DATA UNDER STUDY Block Start
Lemma sum_residue_block x : (0 < n)%N ->
  \sum_(y in [set y in nzsq F | phi x %% k == phi y %% k]%N) y = 0.
Proof.
move=> n_gt0; have [g Sg phig] := phi_onto phi_iso (k_lt_v n_gt0).
have g1 : g != 1 by apply: contra_eqN phig => /eqP ->; rewrite (phi1 phi_iso) eq_sym -lt0n k_gt0.
apply: (sum_eq0_dilate_fixed (nzsq_neq0 Sg) g1); apply/eqP.
rewrite eqEcard card_dilate ?nzsq_neq0 // leqnn andbT.
apply/subsetP => _ /imsetP[y + ->]; rewrite in_set => /andP[Sy xy].
by rewrite in_set nzsqM //= phiM_modk // phig modnDl.
Qed.

Lemma residue_class_system : (0 < n)%N -> heffter_system (nzsq F) (v %/ k) residue_class.
Proof.
move=> n_gt0; split; first exact: preim_partitionP.
by move=> _ /imsetP[x Sx ->]; rewrite card_residue_block ?sum_residue_block.
Qed.

Lemma dilate_block_residue_meet c i A x y : c \in nzsq F -> A \in residue_class -> x != y ->
  x \in dilate c (B i) -> y \in dilate c (B i) -> x \in A -> y \in A -> False.
Proof.
move=> Sc /imsetP[z Sz ->] xy /imsetP[a Ba xa] /imsetP[b Bb yb].
rewrite !inE => /andP[_ /eqP zx] /andP[_ /eqP zy].
have : (phi c + phi a = phi c + phi b %[mod k])%N.
  by rewrite -!phiM_modk ?(block_nzsq Ba) ?(block_nzsq Bb) // -xa -yb -zx -zy.
move/eqP; rewrite eqn_modDl => /eqP /(block_residue_inj Ba Bb) ab.
by move: xy; rewrite xa yb ab eqxx.
Qed.

Definition packing_class (j : 'I_(k * n)) : {set {set F}} := dilate_class (div_ord j) (j %% k).

Lemma packing_class_system j : heffter_system (nzsq F) k (packing_class j).
Proof. exact: dilate_class_system (ltn_pmod _ k_gt0). Qed.

Lemma packing_class_pls (i j : 'I_(k * n)) b1 b2 x y :
  b1 \in packing_class i -> b2 \in packing_class j -> x != y ->
  x \in b1 -> y \in b1 -> x \in b2 -> y \in b2 -> i = j /\ b1 = b2.
Proof.
move=> /dilate_class_block[c1 [Sc1 r1 ->]] /dilate_class_block[c2 [Sc2 r2 ->]] xy x1 y1 x2 y2.
have [/(congr1 val) /= ij c12] := dilate_block_pls Sc1 Sc2 xy x1 y1 x2 y2.
have eq_ij : i = j.
  by apply/val_inj; rewrite /= (divn_eq i k) (divn_eq j k) -r1 -r2 c12 ij.
by rewrite eq_ij c12.
Qed.

End Packing.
DATA UNDER STUDY Block End
The number alone is the answer: work out how many lines in the data contain "apply".

## ANSWER BOX
4